# 15C or 25C or 30 C



## desidriver

hi all,
can someone explain me the difference between C's in Li-Po batteries?
i mean i saw there are different types of 15C, 20C or 30C's...
thanks for hand


----------



## hankster

The C rating is the maximum sustainable discharge rate. An example being a 5000mAh 20C pack can be discharged at up to 100amps 5000mAh x 20). Generally the higher the C rating, the lower the resistance of the pack and potental better performance.


----------



## 420 Tech R/C

Perfect explaination as usual hank ! The only thing i would add is the "C" stands for continuous, as in a 5000mah 20c pack is capable of a 100A CONTINUOUS drain without damaging the battery as long as the voltage doesnt drop below safe levels (3.0-3.2 volts per cell depending on manufacturer)
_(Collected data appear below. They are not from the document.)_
Lemma free_nilpotent3_minor (K : fieldType) r (F : lieAlgebra K)
    (gen : 'I_r -> F) (c d : 'I_r -> K) j k :
  free_nilpotent3 gen ->
  lie_br F (\sum_(m < r) c m *: gen m)
    (lie_br F (\sum_(m < r) c m *: gen m) (\sum_(m < r) d m *: gen m)) = 0 ->
  c j * (c j * d k - c k * d j) = 0.
Proof.
move=> [_ univ] brr0.
pose g m : filiform K := fvec (m == j)%:R (m == k)%:R 0 0.
have [[h [[h_lin h_br] h_gen]] _] := univ _ g (@filiform_step_le3 K).
pose hL := pack_linear h_lin.
have hL_br x y : hL (lie_br F x y) = lie_br (filiform K) (hL x) (hL y) := h_br x y.
have hL_comb e : hL (\sum_(m < r) e m *: gen m) = \sum_(m < r) e m *: g m.
  by rewrite linear_sum; apply: eq_bigr => m _; rewrite linearZ_LR [hL _]h_gen.
have coord0 e : fcoord (\sum_(m < r) e m *: g m) 0 = e j.
  by rewrite fcoord_sum -[RHS](sum_mul_eqb e); apply: eq_bigr => m _; rewrite fcoord_vec.
have coord1 e : fcoord (\sum_(m < r) e m *: g m) 1 = e k.
  by rewrite fcoord_sum -[RHS](sum_mul_eqb e); apply: eq_bigr => m _; rewrite fcoord_vec.
move/(congr1 hL): brr0; rewrite linear0 !hL_br !hL_comb => /(congr1 (fun u => fcoord u 3)) /=.
by rewrite fcoord3_brr !coord0 !coord1 /fcoord mxE.
Qed.

Lemma free_nilpotent3_brr_eq0 (K : fieldType) r (F : lieAlgebra K)
    (gen : 'I_r -> F) (x y : F) :
  free_nilpotent3 gen -> fgr1 gen x -> fgr1 gen y ->
  lie_br F x (lie_br F x y) = 0 -> lie_br F x y = 0.
Proof.
move=> free [c ->] [d ->] brr0.
have minor0 j k : c j * d k = c k * d j.
  apply/eqP; rewrite -subr_eq0; set m := _ - _.
  have : m ^+ 2 = d k * (c j * m) + d j * (c k * (c k * d j - c j * d k)).
    by rewrite /m; ring.
  rewrite (free_nilpotent3_minor j k free brr0) (free_nilpotent3_minor k j free brr0).
  by rewrite !mulr0 addr0 => /eqP; rewrite expf_eq0.
have [j cj_neq0 | c_eq0] := pickP (fun j => c j != 0).
  have -> : \sum_(m < r) d m *: gen m = (d j / c j) *: \sum_(m < r) c m *: gen m.
    rewrite scaler_sumr; apply: eq_bigr => m _; rewrite scalerA; congr (_ *: _).
    by rewrite mulrAC [d j * _]mulrC minor0 [c j * _]mulrC mulfK.
  by rewrite lie_brZr lie_alt scaler0.
rewrite big1 ?lie_br0l // => m _.
by move/negbFE/eqP: (c_eq0 m) => ->; rewrite scale0r.
Qed.

Section OrthogonalB.
Variables (K : fieldType) (n : nat).
Local Notation N := n.*2.
Implicit Types p q s t : 'I_N.+1.

Lemma rev_ord_eq p q : (rev_ord p == q) = (p == rev_ord q).
Proof. by apply/eqP/eqP => [<- | ->]; rewrite rev_ordK. Qed.

Lemma JformE p q : Jform K n p q = (q == rev_ord p)%:R.
Proof.
rewrite mxE; congr ((nat_of_bool _)%:R); apply/eqP/eqP.
  by move=> pq_N; apply: val_inj; rewrite /= subSS; lia.
by move=> ->; rewrite /= subSS; have := ltn_ord p; lia.
Qed.

Lemma Jform_mulmx (A : 'M[K]_N.+1) p q : (Jform K n *m A) p q = A (rev_ord p) q.
Proof.
rewrite mxE; under eq_bigr do rewrite JformE mulr_natl mulrb.
by rewrite -big_mkcond big_pred1_eq.
Qed.

Lemma mulmx_Jform (A : 'M[K]_N.+1) p q : (A *m Jform K n) p q = A p (rev_ord q).
Proof.
rewrite mxE; under eq_bigr do rewrite JformE eq_sym rev_ord_eq mulr_natr mulrb.
by rewrite -big_mkcond big_pred1_eq.
Qed.

Definition rootmx p q : 'M[K]_N.+1 :=
  delta_mx p q - delta_mx (rev_ord q) (rev_ord p).

Lemma rootmx_in_so p q : in_so (rootmx p q).
Proof.
apply/matrixP => s t; rewrite [LHS]mxE mulmx_Jform Jform_mulmx !mxE.
rewrite !(inj_eq rev_ord_inj) !rev_ord_eq.
by rewrite [(s == q) && _]andbC [(s == rev_ord p) && _]andbC; ring.
Qed.

Lemma weight_rev p k : weight (rev_ord p) k = - weight p k.
Proof.
rewrite /weight /= subSS; have := ltn_ord p.
case: (ltngtP p n) => [p_lt_n | p_gt_n | p_eq_n] p_le_N.
- have -> : (N - p < n)%N = false by lia.
  have -> : ((N - p)%N == n) = false by lia.
  by rewrite subKn ?opprK //; lia.
- have -> : (N - p < n)%N by lia.
  by rewrite opprK.
- by rewrite p_eq_n -addnn addnK ltnn eqxx oppr0.
Qed.

Lemma alpha_coef_weight p l : (p < n)%N -> alpha_coef (weight p) l = (p <= l)%:Z.
Proof.
move=> p_lt_n; rewrite /alpha_coef big_mkcond (bigD1 (Ordinal p_lt_n)) //=.
rewrite /weight p_lt_n eqxx big1 ?addr0; first by case: (p <= l)%N.
move=> k; rewrite -val_eqE /= => /negbTE k_neq_p.
by case: (k <= l)%N; rewrite // eq_sym k_neq_p.
Qed.

Variable i : nat.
so for example the orion 3600mah 30C pack is capable of (3.6A x 30) 108Amps continuous drain. Where one of the new SMC 4000mah 40C packs is capable of (4.0A x 40) a whopping 160Amps continuous drain!! It sound like overkill, but keep in mind in classes like stock , the extra amperage translates into more torque, which when coupled with a 17.5 means you can gear up for more top end speed!!!


----------



## desidriver

thanks hank and 420 tech....one more question...
is 5000mAh 15C better or 2200mAh 25C?
thanks


----------



## AEoffroader

The 15C 5000 can give 75 amps continuous and will have over twice the runtime. The 25c 2200 can handle 55 amps continuous.


----------



## desidriver

what do you guys prefer?
a Battery with higher Amperes per Hour or the "C" continuous rate?
thanks


----------



## swtour

desidriver,

What's your run application (What type of Vehicle, and what type of driving or racing?)

Mah is RUN TIME

C rating is LOAD.

So if I was doing 1/8th scale BUGGY and a wet heavy track - I'd be looking for the HIGHEST Rated "C" and mAh

if you are playing with something that's not real heavy, and not using a HOT "Modified" type motor...big "C" would be less important to RUN TIME for playing...


----------



## desidriver

damn SWTOUR...very nice explanation for a dummy like me 
so i'm a beginner in RC Vehicles,it was my dream to have a 1:10 Monsta Truck since i was a kid, but coz of financial problems, i could n't afford it, but now.
I'm not doing any Races yet, I'm from Germany and the area i belong, we don't have any track anyways....but i wish we had one...Now me a my friends are planing to make one...
at the moment i would prefer longer Run time and lesser time for recharging!!!
so after u'r reply, I'm gonna buy a 5000mAh 15C battery for a my Truck ...
thanks


----------



## ta_man

desidriver said:


> damn SWTOUR...very nice explanation for a dummy like me
> so i'm a beginner in RC Vehicles,it was my dream to have a 1:10 Monsta Truck since i was a kid, but coz of financial problems, i could n't afford it, but now.
> I'm not doing any Races yet, I'm from Germany and the area i belong, we don't have any track anyways....but i wish we had one...Now me a my friends are planing to make one...
> at the moment i would prefer longer Run time and lesser time for recharging!!!
> so after u'r reply, I'm gonna buy a 5000mAh 15C battery for a my Truck ...
> thanks


If less time for recharging is a consideration, you might want higher C-rated batteries. Most LiPos require that you recharge them at "1C" (mean 1 amp for every 1000 mAHr of capacity). So you would have to recharge the 5000 mAHr batter at 5 amps and it would take a little more than an hour from empty.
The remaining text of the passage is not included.